We reached a farmhouse where a woman and a teenage boy met us on the porch with guns. The men fanned out and aimed their weapons, ready to slaughter the mother and her son for the price of a hot meal and a bed for the night. “We're on your side!” said the mother, waving her gun wildly in the air; I doubted if she could hit a cow at five paces. The boy was visibly shaking; neither of them stood a chance.
“Shut the fuck up,”' snapped Tilbury, our ringleader, a mean son of a bitch with a scarred face and a sick delight in violence. He cocked his rifle and leveled it at the boy's head.
“You see your little baby die first, bitch, then you follow him to heaven.”
Tilbury never knew what hit him; I was standing behind him, and simply swung my rifle around and blew his head off. It exploded like a watermelon.
“Anyone else?” I cocked again, ready to fire. The rest of the gang slipped away into the trees. The blond boy, my cocksucker of a few nights, ran with them.

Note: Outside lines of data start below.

Definition rim_row lam i : seq (nat * nat) :=
  [seq (i, j) | j <- rev (iota (maxn 1 (part lam i.+1)) (rim_width lam i))].

Definition rim_shape lam := [seq rim_width lam i | i <- iota 1 (size lam)].

(* The 0-based label of a rim node: each step along the rim moves one column
   left or one row down. *)
Definition rim_pos lam (x : nat * nat) := part lam 1 + x.1 - 1 - x.2.

Definition row_start lam i := rim_pos lam (i, part lam i).

Lemma rimE lam : rim lam = flatten [seq rim_row lam i | i <- iota 1 (size lam)].
Proof. by []. Qed.

Lemma shape_rim_rows lam :
  shape [seq rim_row lam i | i <- iota 1 (size lam)] = rim_shape lam.
Proof.
rewrite /shape -map_comp; apply: eq_map => i /=.
by rewrite size_map size_rev size_iota.
Qed.

Lemma in_rimE lam (x : nat * nat) : in_rim lam x =
  [&& 0 < x.1, x.1 <= size lam, maxn 1 (part lam x.1.+1) <= x.2 & x.2 <= part lam x.1].
Proof.
case: x => i j; rewrite /in_rim /in_diag /=.
have [lt_i_lam|le_lam_i] := ltnP i (size lam); first lia.
by rewrite (@part_oversize lam i.+1) //; lia.
Qed.

Lemma nth_rim_row lam i c : is_partition lam -> 0 < i <= size lam ->
  c < rim_width lam i -> nth (0, 0) (rim_row lam i) c = (i, part lam i - c).
Proof.
move=> lam_part i_in c_lt; rewrite /rim_row (nth_map 0) ?size_rev ?size_iota //.
rewrite nth_rev ?size_iota // nth_iota; last by move: c_lt; rewrite /rim_width; lia.
have := part_pos lam_part i_in; have := part_nonincr lam_part (leqnSn i).
by move: c_lt; rewrite /rim_width => *; congr pair; lia.
Qed.

Lemma sumn_take_rim_shape lam r : is_partition lam -> r < size lam ->
  sumn (take r (rim_shape lam)) = row_start lam r.+1.
Proof.
rewrite /row_start /rim_pos /= => lam_part.
elim: r => [|r IH] lt_r_lam; first by rewrite take0 /=; lia.
rewrite (take_nth 0) ?size_map ?size_iota; last lia.
rewrite sumn_rcons IH; last lia.
rewrite (nth_map 0) ?size_iota; last lia.
rewrite nth_iota; last lia.
rewrite /rim_width add1n.
have := part_pos lam_part (i := r.+2); have := part_nonincr lam_part (leqnSn r.+1).
have := part_le_head r.+1 lam_part; lia.
Qed.

Lemma nth_rim lam q : is_partition lam -> q < size (rim lam) ->
  in_rim lam (nth (0, 0) (rim lam) q) /\ rim_pos lam (nth (0, 0) (rim lam) q) = q.
Proof.
move=> lam_part q_lt; move: (q_lt); rewrite rimE size_flatten shape_rim_rows => q_lt_sum.
rewrite nth_flatten shape_rim_rows.
set i := reshape_index _ q; set c := reshape_offset _ q.
have i_lt : i < size (rim_shape lam) by apply: reshape_indexP.
have c_lt : c < nth 0 (rim_shape lam) i by apply: reshape_offsetP.
have q_eq : q = flatten_index (rim_shape lam) i c by rewrite reshape_indexK.
move: i_lt c_lt q_eq; rewrite size_map size_iota => i_lt.
rewrite (nth_map 0) ?size_iota // nth_iota // add1n.
rewrite /rim_shape (nth_map 0) ?size_iota // nth_iota // add1n => c_lt.
rewrite /flatten_index sumn_take_rim_shape // nth_rim_row //.
rewrite in_rimE /row_start /rim_pos /= => ->.
have := part_pos lam_part (i := i.+1); have := part_nonincr lam_part (leqnSn i.+1).
have := part_le_head i.+1 lam_part; move: c_lt; rewrite /rim_width.
lia.
Qed.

“You need to leave here. Take water and blankets and get away,” I said to the woman. “They will be back. Hurry.”
“But this is our home.”
“Not anymore, it's not.”
I turned my back and walked away fast, unable to bear the look of sorrow on her face. I had saved her life, perhaps for a day, or a week. And my life? How long a purchase did I have on that?
There followed a pitiful account of Aaron's life as a fugitive from both sides, trapped like a wolf in a cage as the battle closed in around him in the Shenandoah Valley, struggling to survive from day to day, using his strength, courage, and cunning to win out in every confrontation he had with the soldiers of either side. This was when he earned the name Black Devil, that semimythical creature who inspired dread in the Union forces and who seemed, to them, like the embodiment of a crazy vengeance for all the wrongs they were inflicting on the innocent civilians of Virginia. But Aaron fought for neither side, only for his own survival. The final entry showed the state to which he had fallen before I found him.
I know I will die soon, either in my cave like an old black bear, or out in the burning desolation. My time has come and I will find liberty in heaven. Now I want only peace and death. If I could live my life again I would ride as fast as I can to Jack's side and tell him that I love him, but that I know will never be. Even if he is alive I can never find him. I pray that he is safe from harm.
That was all. Aaron slept quietly beside me; I lay and wept as quietly as I could, so as not to wake him. I wept for all his pain and suffering, and for the sheer joy of loving him.
We stayed at the farm for four nights, after which I was satisfied that Aaron's wounds were healing properly and that there was no longer any danger of infection. We packed up in the morning, and I handed him back the cloth bag containing his papers.
“You read them, then.”
“I did.”
There was an awkward moment of silence, as if we both knew too much and could not find the words in which to say how we felt.
“Aaron…”
“Jack…”
“No, you first.”
“No, I insist.”
“Did you really love me back in Vermont? When I was such a stupid little bastard?”
“I did.”
“And do you still believe that we have the chance of a life together?”
“It's the only thing that kept me alive in these last few weeks.”
“I see.”
“And you, Jack.” He looked sad. “You're young. You have a family, a future in Vermont. You must get back there, I understand. You don't want to be shackled to a man like me.”
I could think of nothing to say. Tears came to my eyes, and I tried to speak, but I was choking.
“It's all right,” Aaron said. “You don't have to explain. I'm just grateful for everything you've done for me. I'll never forget your kindness, Jack.”
“Oh shut up, you ass,” I said, bursting into sobs like a child. “Don't you know that I love you every bit as much as you love me? For Christ's sake, what do I have to do to prove it?”